• _EXTRACTED INFORMATION_:
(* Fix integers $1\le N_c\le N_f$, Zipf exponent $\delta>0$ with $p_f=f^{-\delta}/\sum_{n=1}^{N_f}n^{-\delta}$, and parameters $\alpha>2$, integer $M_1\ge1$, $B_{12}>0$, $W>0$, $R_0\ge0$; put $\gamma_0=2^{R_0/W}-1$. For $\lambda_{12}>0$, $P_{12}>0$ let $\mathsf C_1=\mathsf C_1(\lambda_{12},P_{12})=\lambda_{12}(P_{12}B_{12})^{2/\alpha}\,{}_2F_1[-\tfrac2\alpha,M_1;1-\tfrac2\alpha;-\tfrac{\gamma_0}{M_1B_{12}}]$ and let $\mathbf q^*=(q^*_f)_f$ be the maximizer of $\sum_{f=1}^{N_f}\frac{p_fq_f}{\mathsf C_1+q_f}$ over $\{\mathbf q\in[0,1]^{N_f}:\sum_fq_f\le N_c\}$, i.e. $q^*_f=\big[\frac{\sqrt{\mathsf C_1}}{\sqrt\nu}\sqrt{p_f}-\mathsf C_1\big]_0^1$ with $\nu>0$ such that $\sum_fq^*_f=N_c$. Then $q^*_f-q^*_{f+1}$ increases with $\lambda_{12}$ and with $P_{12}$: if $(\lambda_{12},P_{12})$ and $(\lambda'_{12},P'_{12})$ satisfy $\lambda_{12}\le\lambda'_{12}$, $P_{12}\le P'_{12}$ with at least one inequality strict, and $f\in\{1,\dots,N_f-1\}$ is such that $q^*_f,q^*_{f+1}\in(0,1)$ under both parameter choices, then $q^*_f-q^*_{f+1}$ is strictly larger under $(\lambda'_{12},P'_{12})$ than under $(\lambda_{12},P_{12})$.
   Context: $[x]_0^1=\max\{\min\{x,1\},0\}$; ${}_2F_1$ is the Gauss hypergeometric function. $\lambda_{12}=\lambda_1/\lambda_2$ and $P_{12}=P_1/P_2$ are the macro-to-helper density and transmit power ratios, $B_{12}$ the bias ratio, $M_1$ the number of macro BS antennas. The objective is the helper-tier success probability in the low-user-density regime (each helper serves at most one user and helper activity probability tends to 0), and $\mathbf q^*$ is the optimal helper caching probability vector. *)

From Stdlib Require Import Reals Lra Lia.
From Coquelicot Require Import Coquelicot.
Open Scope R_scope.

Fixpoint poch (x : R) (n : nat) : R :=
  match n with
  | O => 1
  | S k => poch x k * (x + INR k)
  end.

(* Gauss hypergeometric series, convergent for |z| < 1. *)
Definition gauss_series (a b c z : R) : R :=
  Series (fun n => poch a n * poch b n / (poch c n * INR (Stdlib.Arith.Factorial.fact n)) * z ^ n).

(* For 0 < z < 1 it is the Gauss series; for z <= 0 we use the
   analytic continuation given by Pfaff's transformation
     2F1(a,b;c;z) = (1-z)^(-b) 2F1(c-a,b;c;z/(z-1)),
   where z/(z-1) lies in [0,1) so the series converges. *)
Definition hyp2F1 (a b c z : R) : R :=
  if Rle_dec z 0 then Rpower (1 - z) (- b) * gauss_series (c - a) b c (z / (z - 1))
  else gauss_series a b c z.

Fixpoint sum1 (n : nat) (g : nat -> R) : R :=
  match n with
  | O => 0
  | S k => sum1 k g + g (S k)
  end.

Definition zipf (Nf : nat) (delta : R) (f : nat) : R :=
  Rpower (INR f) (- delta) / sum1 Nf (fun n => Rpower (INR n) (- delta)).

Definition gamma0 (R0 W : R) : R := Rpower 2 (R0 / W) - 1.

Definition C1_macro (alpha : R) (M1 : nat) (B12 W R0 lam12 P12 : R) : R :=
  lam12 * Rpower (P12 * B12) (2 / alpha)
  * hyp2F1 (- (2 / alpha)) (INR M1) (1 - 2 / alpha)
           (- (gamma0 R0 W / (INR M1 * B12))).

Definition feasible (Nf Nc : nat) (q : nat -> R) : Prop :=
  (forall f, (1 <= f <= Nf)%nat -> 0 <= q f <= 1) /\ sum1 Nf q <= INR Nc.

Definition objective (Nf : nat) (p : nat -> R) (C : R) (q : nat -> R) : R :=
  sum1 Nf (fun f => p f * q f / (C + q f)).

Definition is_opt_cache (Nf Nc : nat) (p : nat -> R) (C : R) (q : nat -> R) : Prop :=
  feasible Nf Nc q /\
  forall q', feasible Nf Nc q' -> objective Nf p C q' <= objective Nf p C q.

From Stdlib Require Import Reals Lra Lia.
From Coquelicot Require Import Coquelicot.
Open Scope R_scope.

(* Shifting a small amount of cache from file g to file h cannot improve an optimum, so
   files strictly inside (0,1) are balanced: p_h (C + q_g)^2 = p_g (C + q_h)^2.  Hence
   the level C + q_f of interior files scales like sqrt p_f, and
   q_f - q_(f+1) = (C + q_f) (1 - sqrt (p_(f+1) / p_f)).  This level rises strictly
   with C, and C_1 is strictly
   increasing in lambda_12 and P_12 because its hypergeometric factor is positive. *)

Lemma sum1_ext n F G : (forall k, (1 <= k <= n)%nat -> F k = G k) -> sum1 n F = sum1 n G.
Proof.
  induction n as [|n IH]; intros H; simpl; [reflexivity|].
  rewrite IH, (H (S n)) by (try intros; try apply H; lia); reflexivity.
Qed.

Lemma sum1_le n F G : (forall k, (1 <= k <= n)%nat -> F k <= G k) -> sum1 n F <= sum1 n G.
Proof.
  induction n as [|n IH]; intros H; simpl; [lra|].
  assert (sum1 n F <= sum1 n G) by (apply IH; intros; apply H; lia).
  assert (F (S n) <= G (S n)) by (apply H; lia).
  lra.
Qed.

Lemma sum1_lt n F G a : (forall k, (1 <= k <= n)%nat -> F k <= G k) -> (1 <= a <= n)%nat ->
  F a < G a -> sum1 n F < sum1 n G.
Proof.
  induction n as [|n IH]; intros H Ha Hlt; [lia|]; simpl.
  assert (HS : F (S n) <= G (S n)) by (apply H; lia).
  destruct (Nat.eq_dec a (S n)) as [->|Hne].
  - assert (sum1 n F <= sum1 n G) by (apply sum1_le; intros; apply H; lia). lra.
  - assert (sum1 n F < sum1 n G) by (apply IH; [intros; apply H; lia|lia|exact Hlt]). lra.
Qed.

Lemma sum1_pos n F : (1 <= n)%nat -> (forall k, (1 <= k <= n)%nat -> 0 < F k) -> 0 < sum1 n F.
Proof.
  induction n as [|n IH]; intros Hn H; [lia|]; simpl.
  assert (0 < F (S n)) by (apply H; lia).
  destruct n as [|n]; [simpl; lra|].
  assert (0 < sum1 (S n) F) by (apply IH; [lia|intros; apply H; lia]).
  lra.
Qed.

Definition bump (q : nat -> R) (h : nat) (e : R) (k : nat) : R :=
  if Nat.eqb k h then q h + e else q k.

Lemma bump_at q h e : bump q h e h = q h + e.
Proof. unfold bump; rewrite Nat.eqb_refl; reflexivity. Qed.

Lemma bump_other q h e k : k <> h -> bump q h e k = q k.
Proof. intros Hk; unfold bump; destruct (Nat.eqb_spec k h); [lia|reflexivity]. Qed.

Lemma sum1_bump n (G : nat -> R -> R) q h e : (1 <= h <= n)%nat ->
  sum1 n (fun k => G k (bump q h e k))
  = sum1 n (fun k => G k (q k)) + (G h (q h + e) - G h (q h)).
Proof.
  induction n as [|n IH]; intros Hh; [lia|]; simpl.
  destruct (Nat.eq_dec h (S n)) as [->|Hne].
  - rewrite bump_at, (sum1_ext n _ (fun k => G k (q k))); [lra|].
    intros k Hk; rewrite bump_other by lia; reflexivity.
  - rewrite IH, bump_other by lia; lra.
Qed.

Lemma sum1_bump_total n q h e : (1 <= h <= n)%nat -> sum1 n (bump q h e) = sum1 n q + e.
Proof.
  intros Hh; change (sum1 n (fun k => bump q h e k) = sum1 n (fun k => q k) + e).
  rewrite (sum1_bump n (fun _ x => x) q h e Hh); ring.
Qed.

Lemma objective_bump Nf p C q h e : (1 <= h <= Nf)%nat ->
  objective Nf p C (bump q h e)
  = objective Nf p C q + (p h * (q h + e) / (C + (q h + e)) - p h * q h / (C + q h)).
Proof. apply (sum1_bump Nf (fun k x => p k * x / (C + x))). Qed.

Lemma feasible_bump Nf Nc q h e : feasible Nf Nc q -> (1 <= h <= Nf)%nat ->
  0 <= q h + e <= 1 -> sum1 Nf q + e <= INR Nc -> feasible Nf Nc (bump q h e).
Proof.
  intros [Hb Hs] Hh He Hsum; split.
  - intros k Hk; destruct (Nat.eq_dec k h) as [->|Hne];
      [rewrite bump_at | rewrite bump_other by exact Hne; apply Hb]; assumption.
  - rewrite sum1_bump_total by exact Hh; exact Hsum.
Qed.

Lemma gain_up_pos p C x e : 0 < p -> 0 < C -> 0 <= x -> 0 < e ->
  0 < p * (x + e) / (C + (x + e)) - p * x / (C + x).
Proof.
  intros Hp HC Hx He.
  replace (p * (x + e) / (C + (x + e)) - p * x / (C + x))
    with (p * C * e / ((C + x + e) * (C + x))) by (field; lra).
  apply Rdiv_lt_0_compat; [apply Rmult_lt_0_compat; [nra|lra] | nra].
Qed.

• _GOAL OF THE EXERCISE_:
Among the lines above, find those containing the word "destruct" and copy each.

• _SOLVED PROBLEM_:
  destruct (Nat.eq_dec a (S n)) as [->|Hne].
  destruct n as [|n]; [simpl; lra|].
Proof. intros Hk; unfold bump; destruct (Nat.eqb_spec k h); [lia|reflexivity]. Qed.
  destruct (Nat.eq_dec h (S n)) as [->|Hne].
  - intros k Hk; destruct (Nat.eq_dec k h) as [->|Hne];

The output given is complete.